House Labor Committee Approves Diacetyl Bill

June 21, 2007
In a bipartisan voice vote, the House Education and Labor Committee passed legislation that would impel OSHA to promulgate a standard to protect workers from exposure to the popcorn-flavoring agent diacetyl – on the condition that the National Institute for Occupational Safety and Health (NIOSH) conduct studies on other food-flavoring agents as well.

Rep. Lynn Woolsey, D-Calif., on June 13 introduced the Popcorn Workers Lung Disease Prevention Act (H.R. 2693), which, if signed, would require OSHA to issue an interim final standard mandating engineering controls, work practice controls and respiratory protection to minimize workers' exposure to diacetyl. The legislation would apply to all locations in the flavoring manufacturing industry that make, use, handle or process diacetyl and to all microwave popcorn production and packaging establishments that use diacetyl-containing flavors in the manufacture of microwave popcorn.

With the committee passage of the bill – which still must pass muster with the House and Senate – Woolsey took advantage of the opportunity to admonish OSHA for failing to issue even an informational bulletin alerting workers to the potential hazards of diacetyl.

“What’s troubling is that if OSHA had taken action in a timely manner, we would not need to pass a bill to require OSHA to do something that it should have done a long time ago,” said Woolsey, who is chairwoman of the Subcommittee on Workforce Protections. “While OSHA has ignored the warnings of NIOSH and others concerning this devastating disease, workers have become sick and disabled, and several have died, all in an astonishingly short period of time. That’s why this legislation is so important – it will save lives. I am thankful that the committee has chosen to pass my legislation and I look forward to bringing it to the floor.”

Bill Faced Republican Opposition

Woolsey's bill was met with strong opposition from Republican members of the House committee.

Ranking committee member Rep.

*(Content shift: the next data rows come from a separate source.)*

(* Consider a Fisher market with agents $N$, budgets $b_i>0$ for $i\in N$, indivisible items $M$, and monotone preferences $\preceq_i$. For every competitive equilibrium $(\mathcal S,p)$ such that $S_i\ne\emptyset$ for every $i\in N$, there exists a price vector $p'$ such that $(\mathcal S,p')$ is a competitive equilibrium and $p'$ is budget-exhausting, i.e., $p'(S_i)=b_i$ for every $i\in N$.
   Context: A monotone preference $\preceq_i$ is a complete and transitive weak order over all subsets of $M$ such that $S\preceq_i T$ whenever $S\subseteq T$; $S\prec_i T$ means $S\preceq_i T$ and not $T\preceq_i S$. For prices $p$, $p(S)=\sum_{j\in S}p_j$. A bundle $S$ is demanded by agent $i$ if $p(S)\le b_i$ and $p(T)>b_i$ for every $T$ with $S\prec_i T$. A competitive equilibrium is a pair $(\mathcal S,p)$ with $\mathcal S=(S_i)_{i\in N}$ a partition of all of $M$ among the agents such that each $S_i$ is demanded by agent $i$ at prices $p$. *)

From mathcomp Require Import all_boot all_order all_algebra.
Set Implicit Arguments. Unset Strict Implicit. Unset Printing Implicit Defensive.
Import Order.TTheory GRing.Theory Num.Theory.
Local Open Scope ring_scope.

Section Market.
Variables (R : realFieldType) (N M : finType).

Definition monotone_pref (pref : rel {set M}) : Prop :=
  (forall S T : {set M}, pref S T || pref T S) /\
  (forall S T U : {set M}, pref S T -> pref T U -> pref S U) /\
  (forall S T : {set M}, S \subset T -> pref S T).

Definition strict_pref (pref : rel {set M}) (S T : {set M}) : bool :=
  pref S T && ~~ pref T S.

Definition price_vector (p : M -> R) : Prop := forall j, 0 <= p j.

Definition price (p : M -> R) (S : {set M}) : R := \sum_(j in S) p j.

Definition demanded (pref : rel {set M}) (bi : R) (p : M -> R) (S : {set M})
  : Prop :=
  price p S <= bi /\ forall T : {set M}, strict_pref pref S T -> bi < price p T.

Definition is_allocation (S : N -> {set M}) : Prop :=
  (forall i k, i != k -> [disjoint S i & S k]) /\
  (forall j : M, exists i, j \in S i).

Definition competitive_equilibrium (pref : N -> rel {set M}) (b : N -> R)
  (S : N -> {set M}) (p : M -> R) : Prop :=
  is_allocation S /\ price_vector p /\ forall i, demanded (pref i) (b i) p (S i).

End Market.

From mathcomp Require Import all_boot all_order all_algebra.
Set Implicit Arguments. Unset Strict Implicit. Unset Printing Implicit Defensive.
Import Order.TTheory GRing.Theory Num.Theory.
Local Open Scope ring_scope.

(* Raising prices never makes a strictly preferred bundle affordable, so a
   demanded bundle stays demanded as long as it remains affordable.  Hence it
   suffices to add to the price of each item of S_i an equal share of agent i's
   unspent budget b_i - p(S_i); this needs S_i nonempty. *)

Section RaisePrices.
Variables (R : realFieldType) (M : finType).

Lemma priceD (p q : M -> R) (T : {set M}) :
  price (p \+ q) T = price p T + price q T.
Proof. exact: big_split. Qed.

Lemma ler_price (p q : M -> R) (T : {set M}) :
  (forall j, p j <= q j) -> price p T <= price q T.
Proof. by move=> lepq; apply: ler_sum => j _. Qed.

Lemma demanded_raise_prices (pref : rel {set M}) (bi : R) (p q : M -> R)
    (T : {set M}) :
  (forall j, p j <= q j) -> price q T <= bi ->
  demanded pref bi p T -> demanded pref bi q T.
Proof.
move=> lepq qT_le [_ dem]; split=> // U prefTU.
exact: lt_le_trans (dem U prefTU) (ler_price U lepq).
Qed.

End RaisePrices.

Section SpreadSurplus.
Variables (R : realFieldType) (N M : finType) (S : N -> {set M}).
Hypothesis S_disjoint : forall i k, i != k -> [disjoint S i & S k].

Definition spread (e : N -> R) (j : M) : R :=
  \sum_(k | j \in S k) e k / #|S k|%:R.

Lemma spread_owner (e : N -> R) i j : j \in S i -> spread e j = e i / #|S i|%:R.
Proof.
move=> jSi; rewrite /spread (big_pred1 i) // => k /=.
have [->|ki] := eqVneq k i; first by rewrite jSi.
have ik : i != k by rewrite eq_sym.
by rewrite (disjointFr (S_disjoint ik) jSi); apply/esym/negbTE.
Qed.

Lemma spread_ge0 (e : N -> R) j : (forall k, 0 <= e k) -> 0 <= spread e j.
Proof. by move=> e_ge0; apply: sumr_ge0 => k _; rewrite divr_ge0 ?ler0n. Qed.

Lemma price_spread (e : N -> R) i : S i != set0 -> price (spread e) (S i) = e i.
Proof.
move=> Si_ne0; rewrite /price (eq_bigr _ (@spread_owner e i)).
by rewrite sumr_const -[_ *+ _]mulr_natr divfK // pnatr_eq0 cards_eq0.
Qed.

End SpreadSurplus.

Theorem mainTheorem6 (R : realFieldType) (N M : finType)
  (b : N -> R) (pref : N -> rel {set M})
  (hb : forall i, 0 < b i)
  (hpref : forall i, monotone_pref (pref i))
  (S : N -> {set M}) (p : M -> R)
  (hCE : competitive_equilibrium pref b S p)
  (hne : forall i, S i != set0) :
  exists p' : M -> R,
    competitive_equilibrium pref b S p' /\ (forall i, price p' (S i) = b i).
Proof.
case: hCE => [[S_disjoint S_cover] [p_ge0 dem]].
pose surplus k := b k - price p (S k).
have surplus_ge0 k : 0 <= surplus k by rewrite subr_ge0; case: (dem k).
pose p' := p \+ spread S surplus.
have le_p_p' j : p j <= p' j by rewrite lerDl spread_ge0.
have exhausted i : price p' (S i) = b i.
  by rewrite priceD price_spread // addrC subrK.
exists p'; split=> //; split=> //; split.
- by move=> j; apply: le_trans (le_p_p' j).
- by move=> i; apply: demanded_raise_prices (dem i); rewrite ?exhausted.
Qed.
(* In $TTR$: (1) If $A$ is a without-arrow type of kind 1 and $A\subseteq B$, then $B$ is a without-arrow type of kind 1 and $At(A)=At(B)$. (2) If $A$ is a without-arrow type of kind 2, then $A\subseteq B$ for every type $B$.
   Context: $TTR$ types: over a second-order language with first-order variables, function symbols, $n$-ary predicate variables and symbols, and a fixed system $\mathbf E$ of equations; atomic $\perp$ and $X(t_1,\dots,t_n)$; constructors $\to$, $\forall x$, $\forall X$, and $\mu Cx_1\dots x_nA\langle t_1,\dots,t_n\rangle$ for $C$ an $n$-ary predicate symbol occurring and positive in $A$ (bound in it). Subtyping $\subseteq$ is the least relation closed under: $A\subseteq A$; from $A\subseteq A'$, $B\subseteq B'$ infer $A'\to B\subseteq A\to B'$; from $A[G/v]\subseteq B$ infer $\forall vA\subseteq B$ ($G$ a term if $v$ first-order, a formula if $v$ a predicate variable); from $A\subseteq B$ infer $A\subseteq\forall vB$ if $v$ not free in $A$; from $A\subseteq B[v/y]$ infer $A\subseteq B[w/y]$ if $v=w$ is an instance of an equation of $\mathbf E$; transitivity; $D[\mu C\bar xD\langle\bar z\rangle/C(\bar z)][\bar t/\bar x]\subseteq\mu C\bar xD\langle\bar t\rangle$ and its converse; from $D[E/C(\bar x)]\subseteq E$ infer $\mu C\bar xD\langle\bar t\rangle\subseteq E[\bar t/\bar x]$. A without-arrow type is a type containing no arrow $\to$. Each without-arrow type $A$ contains a unique atomic formula $X(t_1,\dots,t_n)$, and $At(A)$ denotes this $X$. $A$ is of kind 1 if $At(A)$ is free in $A$, and of kind 2 if $At(A)$ is bound in $A$. *)

(* Syntax and subtyping of the system TTR, with de Bruijn
   indices (two independent index spaces: first-order variables and
   predicate variables/symbols). *)
From Stdlib Require Import List Arith.
Import ListNotations.

Inductive term : Type :=
| TVar (i : nat)
| TFn (f : nat) (args : list term).

Fixpoint tsubst (s : nat -> term) (t : term) : term :=
  match t with
  | TVar i => s i
  | TFn f ts => TFn f (map (tsubst s) ts)
  end.

(** Types.
    - [Bot]            : ⊥
    - [PAt X ts]       : X(t1,...,tn), X a predicate de Bruijn index
    - [Arr A B]        : A → B
    - [FAll A]         : ∀x A   (binds first-order index 0)
    - [PAll n A]       : ∀X A, X n-ary (binds predicate index 0)
    - [Mu A ts]        : μ C x1..xn A <t1..tn>, with n = length ts; binds
                         predicate index 0 (= C) and first-order indices
                         0..n-1 (= x1..xn, x_{k+1} at index k) in A. *)
Inductive formula : Type :=
| Bot
| PAt (X : nat) (ts : list term)
| Arr (A B : formula)
| FAll (A : formula)
| PAll (n : nat) (A : formula)
| Mu (A : formula) (ts : list term).

Definition upn (k : nat) (s : nat -> term) : nat -> term :=
  fun i => if i <? k then TVar i
           else tsubst (fun j => TVar (j + k)) (s (i - k)).

Fixpoint fsubst_fo (s : nat -> term) (A : formula) : formula :=
  match A with
  | Bot => Bot
  | PAt X ts => PAt X (map (tsubst s) ts)
  | Arr A B => Arr (fsubst_fo s A) (fsubst_fo s B)
  | FAll A => FAll (fsubst_fo (upn 1 s) A)
  | PAll n A => PAll n (fsubst_fo s A)
  | Mu A ts => Mu (fsubst_fo (upn (length ts) s) A) (map (tsubst s) ts)
  end.

Definition uprn (r : nat -> nat) : nat -> nat :=
  fun j => match j with 0 => 0 | S j => S (r j) end.

Fixpoint fren_pr (r : nat -> nat) (A : formula) : formula :=
  match A with
  | Bot => Bot
  | PAt X ts => PAt (r X) ts
  | Arr A B => Arr (fren_pr r A) (fren_pr r B)
  | FAll A => FAll (fren_pr r A)
  | PAll n A => PAll n (fren_pr (uprn r) A)
  | Mu A ts => Mu (fren_pr (uprn r) A) ts
  end.

(** What a predicate variable is replaced by: another predicate variable,
    or a formula abstraction  λ z1..zn. G  (the z's are first-order indices
    0..n-1 of G; indices >= n of G refer to the ambient context). *)
Inductive ppat : Type :=
| PV (j : nat)
| PL (n : nat) (G : formula).

Definition inst_args (n : nat) (ts : list term) : nat -> term :=
  fun i => if i <? n then nth i ts (TVar 0) else TVar (i - n).

Definition papp (p : ppat) (ts : list term) : formula :=
  match p with
  | PV j => PAt j ts
  | PL n G => fsubst_fo (inst_args n ts) G
  end.

Definition pshift_fo (k : nat) (p : ppat) : ppat :=
  match p with
  | PV j => PV j
  | PL n G => PL n (fsubst_fo (fun i => if i <? n then TVar i else TVar (i + k)) G)
  end.

Definition pshift_pr (p : ppat) : ppat :=
  match p with
  | PV j => PV (S j)
  | PL n G => PL n (fren_pr S G)
  end.

Definition up_pr (t : nat -> ppat) : nat -> ppat :=
  fun j => match j with 0 => PV 0 | S j => pshift_pr (t j) end.

Fixpoint fsubst_pr (t : nat -> ppat) (A : formula) : formula :=
  match A with
  | Bot => Bot
  | PAt X ts => papp (t X) ts
  | Arr A B => Arr (fsubst_pr t A) (fsubst_pr t B)
  | FAll A => FAll (fsubst_pr (fun j => pshift_fo 1 (t j)) A)
  | PAll n A => PAll n (fsubst_pr (up_pr t) A)
  | Mu A ts => Mu (fsubst_pr (fun j => pshift_fo (length ts) (up_pr t j)) A) ts
  end.

Definition fshift_fo (A : formula) : formula := fsubst_fo (fun i => TVar (S i)) A.
Definition fshift_pr (A : formula) : formula := fren_pr S A.

Definition inst1 (u : term) : nat -> term :=
  fun i => match i with 0 => u | S i => TVar i end.

Definition instp (n : nat) (G : formula) : nat -> ppat :=
  fun j => match j with 0 => PL n G | S j => PV j end.

(** D[μC x̄ D<z̄> / C(z̄)][t̄/x̄]  for the type  μC x̄ D <t̄>  (n = length t̄). *)
Definition mu_unfold (D : formula) (ts : list term) : formula :=
  let n := length ts in
  fsubst_fo (inst_args n ts)
    (fsubst_pr
       (fun j => match j with
                 | 0 => PL n (Mu (fsubst_fo (fun i => if i <? n then TVar i
                                                       else TVar (i + 2 * n)) D)
                                 (map TVar (seq 0 n)))
                 | S j => PV j
                 end) D).

(** D[E/C(x̄)] where x̄ (first-order indices 0..n-1) are the variables of the
    μ-binder and may occur free in E. *)
Definition mu_ind_body (D : formula) (n : nat) (E : formula) : formula :=
  fsubst_pr
    (fun j => match j with
              | 0 => PL n (fsubst_fo (fun i => if i <? n then TVar i else TVar (i + n)) E)
              | S j => PV j
              end) D.
Lemma sub_solution_le_rescaled delta z k (a b q : 'I_k -> R) v T :
  sub_solution M mesh delta -> z != 0%R -> admissible a v T ->
  (forall i, (0 <= b i)%R) -> (0 < \sum_i b i)%R ->
  (forall i, (0 < b i)%R -> delta (z + v i)%R <= (q i)%:E) ->
  delta z <= ((normM M (\sum_i b i *: toR R (v i)) + \sum_i b i * q i)
               / \sum_i b i)%:E.
Proof.
move=> [_ hsub] z0 hadm b0 s0 hq; set s := (\sum_i b i)%R.
apply: le_trans (hsub z z0) _.
apply: le_trans (HopfLax_le_value _ _ (admissible_rescale hadm b0 s0)) _.
rewrite /HopfLax_value -/s.
have -> : normM M (\sum_i (b i / s) *: toR R (v i)) =
    (normM M (\sum_i b i *: toR R (v i)) / s)%R.
  rewrite mulrC -normMZ ?invr_ge0 ?ltW // scaler_sumr.
  by congr normM; apply: eq_bigr => i _; rewrite scalerA mulrC.
rewrite mulrDl EFinD; apply: leeD => //.
rewrite mulr_suml -sumEFin; apply: lee_sum => i _.
have [bi0|bi_gt0] := eqVneq (b i) 0%R; first by rewrite bi0 !mul0r mul0e.
have {}bi_gt0 : (0 < b i)%R by rewrite lt_neqAle eq_sym bi_gt0 b0.
rewrite mulrAC [in X in _ <= X]EFinM; apply: lee_wpmul2l; last exact: hq.
by rewrite lee_fin divr_ge0 // ltW.
Qed.

Lemma super_solution_witness delta z (P eta : R) :
  nonneg_ext delta -> super_solution M mesh delta -> z != 0%R ->
  delta z = P%:E -> (0 < eta)%R ->
  exists k (a : 'I_k -> R) v T (p : 'I_k -> R),
    [/\ admissible a v T, forall i, (0 <= p i)%R,
        forall i, (0 < a i)%R -> delta (z + v i)%R = (p i)%:E &
        (normM M (\sum_i a i *: toR R (v i)) + \sum_i a i * p i < P + eta)%R].
Proof.
move=> delta0 [_ hsup] z0 hz eta0.
have [k [a [v [T [hadm hval]]]]] : exists k (a : 'I_k -> R) v T,
    admissible a v T /\ HopfLax_value delta z a v < (P + eta)%:E.
  by apply: HopfLax_gt_value; rewrite (le_lt_trans (hsup z z0)) // hz lte_fin ltrDl.
have [_ _ _ [a0 _]] := hadm.
have terms_fin i : (a i)%:E * delta (z + v i)%R \is a fin_num.
  have : HopfLax_value delta z a v \is a fin_num.
    rewrite ge0_fin_numE ?(lt_trans hval) ?ltry // adde_ge0 ?lee_fin ?sqrtr_ge0 //.
    by apply: sume_ge0 => j _; rewrite mule_ge0 ?lee_fin.
  by rewrite fin_numD => /andP[_ /sum_fin_numP]; apply.
exists k, a, v, T, (fun i => fine (delta (z + v i)%R)); split => //.
- by move=> i; exact: fine_ge0.
- by move=> i ai0; rewrite fineK // -(pmule_fin_num _ ai0).
rewrite -lte_fin EFinD -sumEFin.
by rewrite (eq_bigr _ (fun i _ => esym (fin_num_EFinM_fine (terms_fin i)))).
Qed.

End Mesh.

Section Comparison.
Variables (R : realType) (d : nat) (M : 'M[R]_d) (mesh : seq 'M[int]_d).
Variables (delta_p delta_m : 'rV[int]_d -> \bar R) (t : R).
Hypotheses (hM : sym_pos_def M) (hmesh : M_reduced_mesh M mesh).
Hypothesis delta_p_ge0 : nonneg_ext delta_p.
Hypotheses (super_p : super_solution M mesh delta_p)
  (sub_m : sub_solution M mesh delta_m).
Hypotheses (t_gt0 : 0 < t) (t_lt1 : t < 1).

Local Open Scope ereal_scope.

Let bad z := delta_p z < t%:E * delta_m z.
Let m := ereal_inf [set delta_p z | z in bad].

Lemma bad_neq0 z : bad z -> z != 0%R.
Proof.
apply: contraTN => /eqP->; rewrite /bad (proj1 super_p) (proj1 sub_m).
by rewrite mule0 ltxx.
Qed.

Lemma scaled_sub_solution_le zs k (a b p : 'I_k -> R) v T :
  zs != 0%R -> admissible mesh a v T ->
  (forall i, (0 <= b i)%R) -> (0 < \sum_i b i)%R ->
  (forall i, (0 < b i)%R -> t%:E * delta_m (zs + v i)%R <= (p i)%:E) ->
  t%:E * delta_m zs <= ((t * normM M (\sum_i b i *: toR R (v i)) + \sum_i b i * p i)
                        / \sum_i b i)%:E.
Proof.
move=> zs0 hadm b_ge0 s_gt0 good_le.
have good_le' i : (0 < b i)%R -> delta_m (zs + v i)%R <= (p i / t)%:E.
  by move=> bi_gt0; rewrite mulrC EFinM lee_pdivlMl // good_le.
apply: le_trans (lee_wpmul2l _ (sub_solution_le_rescaled sub_m zs0 hadm b_ge0 s_gt0 good_le')) _.
  by rewrite lee_fin ltW.
rewrite -EFinM lee_fin le_eqVlt; apply/orP; left; apply/eqP.
have -> : (\sum_i b i * (p i / t) = (\sum_i b i * p i) / t)%R.
  by rewrite mulr_suml; apply: eq_bigr => i _; rewrite mulrA.
by field; rewrite !gt_eqF.
Qed.

Section DropBad.
Variables (zs : 'rV[int]_d) (k : nat) (a p : 'I_k -> R) (v : 'I_k -> 'rV[int]_d).
Hypothesis a_ge0 : forall i, (0 <= a i)%R.
Hypothesis pE : forall i, (0 < a i)%R -> delta_p (zs + v i)%R = (p i)%:E.

Definition good_weight i := if bad (zs + v i)%R then 0%R else a i.

Lemma good_weight_le i : (0 <= good_weight i <= a i)%R.
Proof. by rewrite /good_weight; case: ifP; rewrite lexx a_ge0. Qed.

Lemma good_neighbour_scaled_le i : (0 < good_weight i)%R ->
  t%:E * delta_m (zs + v i)%R <= (p i)%:E.
Proof.
rewrite /good_weight; case: ifPn => [_|good_i ai_gt0]; first by rewrite ltxx.
by rewrite -pE // leNgt.
Qed.

Lemma bad_weights_ge_inf (mr : R) : m = mr%:E -> (\sum_i a i = 1)%R ->
  (\sum_i good_weight i * p i + (1 - \sum_i good_weight i) * mr
     <= \sum_i a i * p i)%R.
Proof.
move=> mE a1; rewrite -a1 -sumrB mulr_suml -big_split /=; apply: ler_sum => i _.
rewrite /good_weight; case: ifPn => [bad_i|_]; last by rewrite subrr mul0r addr0.
rewrite mul0r add0r subr0; have [->|ai0] := eqVneq (a i) 0%R; first by rewrite !mul0r.
apply: ler_wpM2l => //.
rewrite -lee_fin -mE -pE; last by rewrite lt_neqAle eq_sym ai0 a_ge0.
by apply: ereal_inf_lbound; exists (zs + v i)%R.
Qed.

End DropBad.

Lemma bad_ge_inf_gap (c mr : R) : (0 < c)%R ->
    (forall k (a : 'I_k -> R) v T, admissible mesh a v T ->
       (c <= normM M (\sum_i a i *: toR R (v i)))%R) ->
  m = mr%:E -> forall zs, bad zs -> (mr + (1 - t) * c / 4)%:E <= delta_p zs.
Proof.
move=> c_gt0 step_lb mE zs bad_zs; set eta := ((1 - t) * c / 4)%R.
have eta_gt0 : (0 < eta)%R by rewrite !divr_gt0 ?mulr_gt0 ?subr_gt0.
rewrite leNgt; apply/negP => near_inf; have zs0 := bad_neq0 bad_zs.
have pfin : delta_p zs \is a fin_num.
  by rewrite ge0_fin_numE ?(lt_trans near_inf) ?ltry.
set P := fine (delta_p zs); have PE : delta_p zs = P%:E by rewrite fineK.
have [k [a [v [T [p [hadm p_ge0 pE cost_lt]]]]]] :=
  super_solution_witness delta_p_ge0 super_p zs0 PE eta_gt0.
have acute := admissible_acute hmesh hadm; have [_ _ _ [a_ge0 a1]] := hadm.
set b := good_weight zs a v; have b_le := good_weight_le zs v a_ge0.
have b_ge0 i : (0 <= b i)%R by case/andP: (b_le i).
set s := (\sum_i b i)%R; set wb := normM M (\sum_i b i *: toR R (v i)).
have := bad_weights_ge_inf a_ge0 pE mE a1; rewrite -/b -/s => drop_bad.
have wb_le := acute_normM_le acute b_le; have c_le := step_lb _ _ _ _ hadm.
have near_inf_real : (P < mr + eta)%R by rewrite -lte_fin -PE.
have key : (t * wb + \sum_i b i * p i < s * mr)%R.
  have : (t * wb <= t * normM M (\sum_i a i *: toR R (v i)))%R.
    by rewrite ler_wpM2l // ltW.
  have : ((1 - t) * c <= (1 - t) * normM M (\sum_i a i *: toR R (v i)))%R.
    by rewrite ler_wpM2l // subr_ge0 ltW.
  have : (0 < (1 - t) * c)%R by rewrite mulr_gt0 // subr_gt0.
  rewrite /eta in cost_lt near_inf_real; lra.
have s_gt0 : (0 < s)%R.
  have : (0 <= t * wb + \sum_i b i * p i)%R.
    apply: addr_ge0; first by apply: mulr_ge0; [exact: ltW | exact: sqrtr_ge0].
    by apply: sumr_ge0 => i _; rewrite mulr_ge0.
  have : (0 <= s)%R by rewrite sumr_ge0.
  rewrite le_eqVlt => /predU1P[s0|//]; rewrite -s0 mul0r in key; lra.
have := scaled_sub_solution_le zs0 hadm b_ge0 s_gt0 (good_neighbour_scaled_le pE).
rewrite -/s -/wb => sub_zs.
have : t%:E * delta_m zs < m.
  by rewrite mE; apply: le_lt_trans sub_zs _; rewrite lte_fin ltr_pdivrMr // [(mr * s)%R]mulrC.
apply/negP; rewrite -leNgt; apply: le_trans (ltW bad_zs).
by apply: ereal_inf_lbound; exists zs.
Qed.

Lemma scaled_sub_le_super z : t%:E * delta_m z <= delta_p z.
Proof.
have [c c_gt0 step_lb] := admissible_normM_lb hM hmesh.
rewrite leNgt; apply/negP => bad_z.
have m_fin : m \is a fin_num.
  rewrite ge0_fin_numE; last by apply/ereal_infP => _ [y _ <-].
  by apply: le_lt_trans (lt_le_trans bad_z (leey _)); apply: ereal_inf_lbound; exists z.
have m_lt : m < (fine m + (1 - t) * c / 4)%R%:E.
  rewrite -[X in X < _](fineK m_fin) lte_fin ltrDl.
  by rewrite !divr_gt0 ?mulr_gt0 ?subr_gt0.
have [_ [zs bad_zs <-] near_inf] := ereal_inf_lt m_lt.
have := bad_ge_inf_gap c_gt0 step_lb (esym (fineK m_fin)) bad_zs.
by rewrite leNgt near_inf.
Qed.

End Comparison.

Theorem proposition1p4 (R : realType) (d : nat) (M : 'M[R]_d)
    (mesh : seq 'M[int]_d) (delta_p delta_m : 'rV[int]_d -> \bar R) :
  sym_pos_def M -> M_reduced_mesh M mesh ->
  nonneg_ext delta_p -> nonneg_ext delta_m ->
  super_solution M mesh delta_p -> sub_solution M mesh delta_m ->
  forall z : 'rV[int]_d, (delta_m z <= delta_p z)%E.
Proof.
move=> hM hmesh delta_p_ge0 delta_m_ge0 super_p sub_m z.
apply/(lee_mul01Pr _ (delta_m_ge0 z)) => t /andP[t_gt0 t_lt1].
exact: scaled_sub_le_super hM hmesh delta_p_ge0 super_p sub_m t_gt0 t_lt1 z.
Qed.
Lemma perm_shift_affine y :
  perm_shift y = y *m \matrix_(k, i) (k == tau i)%:R + \row_i mu i.
Proof.
apply/rowP => i; rewrite !mxE (bigD1 (tau i)) //= mxE eqxx mulr1 big1 ?addr0 1?addrC //.
by move=> k /negbTE ki; rewrite mxE ki mulr0.
Qed.

End PermShift.

Theorem theorem7p4 (R : realType) (n : nat) (X : 'rV[R]_n -> Prop)
  (phi : {x | X x} -> {x | X x}) :
  projective_npolytope X ->
  sub_endo phi -> bijective phi ->
  (exists Phi : 'rV[R]_n -> 'rV[R]_n,
      ftn_morph Phi /\ bijective Phi /\
      forall x : {x | X x}, Phi (proj1_sig x) = proj1_sig (phi x)) /\
  (exists (A : 'M[R]_n) (b : 'rV[R]_n),
      forall x : {x | X x}, proj1_sig (phi x) = proj1_sig x *m A + b).
Proof.
case: n X phi => [|m] X phi.
  have rV0 (x y : 'rV[R]_0) : x = y by apply/rowP => -[].
  move=> _ _ _; split; last by exists 0, 0.
  by exists id; split; [|split; [exists id|]].
move=> [[HX _] [Xproj gdim]] phi_endo phi_bij.
have [[s [s_size s_gen]] _] := gdim.
pose t : m.+1.-tuple 'rV[R]_m.+1 := Tuple (introT eqP s_size).
have v_gen : generates (codom (tnth t)) X by rewrite codomE map_tnth_enum.
have [h [h_morph h_sec]] := projective_section HX v_gen Xproj.
have [g g_frame] := frame_of_section HX gdim v_gen h_morph h_sec.
have [tau [mu [tau_bij phiE]]] := endo_coord_perm HX gdim g_frame phi_endo phi_bij.
have phi_shift x : proj1_sig (phi x) = perm_shift tau mu (proj1_sig x).
  by apply/rowP => i; rewrite mxE phiE.
split.
  exists (perm_shift tau mu); split; first exact: perm_shift_morph.
  by split; [exact: perm_shift_bij | move=> x; rewrite phi_shift].
by exists (\matrix_(k, i) (k == tau i)%:R), (\row_i mu i) => x; rewrite phi_shift perm_shift_affine.
Qed.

Joe Wilson, R-S.C., initially introduced an amendment to the legislation, emphasizing that he didn't believe the bill would accomplish the goal of eliminating risk for workers because the bill would require OSHA to issue a standard with little or no available science.

“If [diacetyl] were to be replaced with another chemical and workers continued to fall ill, there would be no evidence to see if that agent is what was making workers sick,” Wilson said.

In Wilson's amendment, NIOSH would be required to conduct studies on other flavoring components to determine if diacetyl is the true and only cause of bronchiolitis obliterans, or “popcorn lung,” a potentially fatal lung disease. In addition, the agency would need to come up with the exposure levels necessary to set a permissible exposure limit. Only then would OSHA be required to issue a standard.

In his opening statement, Rep. Howard “Buck” McKeon, R-Calif., supported Wilson's amendment by stating that there is “no clear scientific evidence that diacetyl alone causes popcorn lung disease,” which echoed testimony given by OSHA Administrator Edwin Foulke Jr. during an April 24 hearing on the effectiveness of OSHA protections. During the April 24 hearing, Foulke called diacetyl “a substance of suspicion.” (For more information, read “Lawmakers: OSHA Standard Needed for Diacetyl.”)

McKeon explained that although NIOSH in 2000 investigated a popcorn plant in Missouri – and, as a result, in 2002 issued a report explaining that there was a strong relationship between the estimated cumulative exposure to diacetyl and the excess rates of lung disease and lung abnormalities – the agency had noted that “at this time, insufficient data exist on which to base workplace exposure standards or recommended exposure limits for butter flavorings.”

“Until [NIOSH] draws any conclusions, however, it is an open question as to whether diacetyl alone is to blame or whether the chemical, in combination with other agents, places workers at risk,” McKeon said.

Wilson's Amendment Withdrawn

After the committee voted on the bill, Wilson moved to withdraw his amendment – with the stipulation that some of the language and intent in his amendment be incorporated into the bill. Committee Chairman George Miller, D-Calif., said that the House majority and minority leaders will continue discussions on incorporating Wilson's language from his amendment into the bill.

However, Miller added that it is important that the bill be signed into law, as it would force OSHA to take decisive action.

“Seven years after the first cases of popcorn lung were identified, it is stunning that OSHA has failed to issue a standard protecting American workers from exposure to diacetyl,” Miller said. “The cost of the Bush administration’s failure to act can be measured in the number of workers who have avoidably grown ill or died. It’s time to stop the delays in protecting workers from this serious workplace hazard.”